What’s left after those three…
Car Loan
In 2008, we had two clunkers that we had put so much money into. Between head gaskets, two alternator changes, and a new engine in 2009, by the time the heater core went in 2010, we were done. We were tired of putting repairs on one credit card, and tired of worrying whether the car would leave us stranded somewhere again, let alone start when we needed to go somewhere. Rather than put the money back into the cars, we took out a loan for a new car. In 2011, we found out we were having Lady Bug. We sold that car {for the remainder balance on the loan} and took out another car loan. This is still the car we have today.
UPDATE: As of June 2016, our car loan is paid off!
But I know that I’m not the the only one out there in this situation.
We’re digging our way out as best as we can, while still paying all the bills on time. Since I became a stay-at-home-mom at the end of 2013, it’s taken a lot of learning, a lot of cut-backs, and a lot of creativity. But we’ve come a long way from where we were. And I’m still learning along the way.
That’s why I’m blogging about our debt repayment and monthly budgets. Yes, it is a way for me to keep track of what we’re doing to get out from under out debt. It’s also to show how far we’ve come. If I had started this blog back in 2010 while I was still in grad school and commuting insane distances, our spending would be a lot different than what you see now.
On the flip side, this blog is also about helping you. So what if you’re not in as far as we are, or you make more or less. I don’t care if it’s $500 or $500,000 in debt. Being in debt sucks. And I want you to see that if we can pull ourselves out of a mountain of debt, whether it’s 5¢ or $5 at a time, it’s pulling ourselves out.
And you can too!
I’m in the same boat. Though my debt is not because of student loans. I’m actually just going back to school now. Only working on my associate’s degree but I didn’t really enjoy school for a long time. Got out into the workforce for the past 10 years and finally decided it was time to finish one degree. If it couldn’t be a bachelor’s yet, at least let me get an associate’s! My debt comes from a few big purchases that didn’t really need to be made. My current debt stands at around $3000. We also work on paying off my mother-in-law’s mortgage which is thankfully only at around $16,000 to finish it off. And finally, we’re in savings mode. We’re working on a $400,000 savings to be able to pay for a house. I’ve worked up about 1/8 of that total, but am still working toward it. At this rate, it almost feels like I’ll never get there. But hard work, determination, it all pays off!
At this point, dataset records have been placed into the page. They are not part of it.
Lemma sign23_mul (m h s : R) : m = 2 \/ m = 3 ->
  (sign23 h s -> sign23 (m * h) (- s)) /\ (sign23 (m * h) s -> sign23 h (- s)).
Proof.
  assert (n2 : forall k, 2 ^ k <> 0) by (intro; apply pow_nonzero; lra).
  assert (n3 : forall k, 3 ^ k <> 0) by (intro; apply pow_nonzero; lra).
  intro Hm. split; intros [a [b [c [d [Eh ->]]]]].
  - destruct Hm as [-> | ->]; [exists (S a), b, c, d | exists a, (S b), c, d];
      (split; [rewrite Eh; unfold ratio23; simpl; field; auto|]).
    + simpl. ring.
    + replace (a + S b + c + d)%nat with (S (a + b + c + d)) by lia. simpl. ring.
  - assert (Eh' : h = ratio23 a b c d / m)
      by (rewrite <- Eh; field; destruct Hm; lra).
    destruct Hm as [-> | ->]; [exists a, b, (S c), d | exists a, b, c, (S d)];
      (split; [rewrite Eh'; unfold ratio23; simpl; field; auto|]).
    + replace (a + b + S c + d)%nat with (S (a + b + c + d)) by lia. simpl. ring.
    + replace (a + b + c + S d)%nat with (S (a + b + c + d)) by lia. simpl. ring.
Qed.

Lemma chi23_mul (m h : R) : m = 2 \/ m = 3 -> chi23 (m * h) = - chi23 h.
Proof.
  intro Hm. destruct (classic (exists s, sign23 h s)) as [[s Hs]|H].
  - rewrite (chi23_sign h s Hs). apply chi23_sign, (sign23_mul m h s Hm), Hs.
  - rewrite (chi23_out h H), chi23_out; [ring|].
    intros [s Hs]. apply H. exists (- s). apply (sign23_mul m h s Hm), Hs.
Qed.

Lemma Rabs_chi23_le1 (h : R) : Rabs (chi23 h) <= 1.
Proof.
  destruct (classic (exists s, sign23 h s)) as [[s Hs]|H].
  - rewrite (chi23_sign h s Hs). destruct Hs as [a [b [c [d [_ ->]]]]].
    rewrite <- RPow_abs. replace (Rabs (-1)) with 1 by (rewrite Rabs_left; lra).
    rewrite pow1. lra.
  - rewrite chi23_out, Rabs_R0 by assumption. lra.
Qed.

Lemma chi23_pow_half (k : nat) : chi23 ((/ 2) ^ k) = (-1) ^ k.
Proof.
  apply chi23_sign. exists 0%nat, 0%nat, k, 0%nat. split.
  - unfold ratio23. rewrite pow_inv. simpl. field. apply pow_nonzero. lra.
  - f_equal. lia.
Qed.

Definition cube_chi23 (y : R) : R := y ^ 3 * chi23 y.

Lemma fwd_diff_3 (f : R -> R) (x h : R) :
  fwd_diff 3 f x h = f (x + 3 * h) - 3 * f (x + 2 * h) + 3 * f (x + h) - f x.
Proof.
  unfold fwd_diff, C. simpl.
  replace (x + 0 * h) with x by ring. replace (x + 1 * h) with (x + h) by ring.
  replace (x + (1 + 1) * h) with (x + 2 * h) by ring.
  replace (x + (1 + 1 + 1) * h) with (x + 3 * h) by ring.
  field.
Qed.

Lemma pow_half_lt (d : R) : 0 < d ->
  exists N : nat, forall k, (N <= k)%nat -> (/ 2) ^ k < d.
Proof.
  intro dpos.
  destruct (pow_lt_1_zero (/ 2) ltac:(rewrite Rabs_pos_eq; lra) d dpos) as [N HN].
  exists N. intros k hk. specialize (HN k hk).
  rewrite Rabs_pos_eq in HN by (apply pow_le; lra). exact HN.
Qed.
You’ll get there! You are absolutely right, hard work and determination will pay off. It’s a mindset change, which is the toughest part. There’s nothing wrong with waiting to get your degree; sometimes I wish that’s what I had done rather than just trudging on for our Master’s with young kids at the time because “university was what we knew”. That was seriously our reason! Our combined debt, including our mortgage, stands around $273,000. It’s still a daunting number, but it’s one that makes me no less determined. We’ll both reach our goals!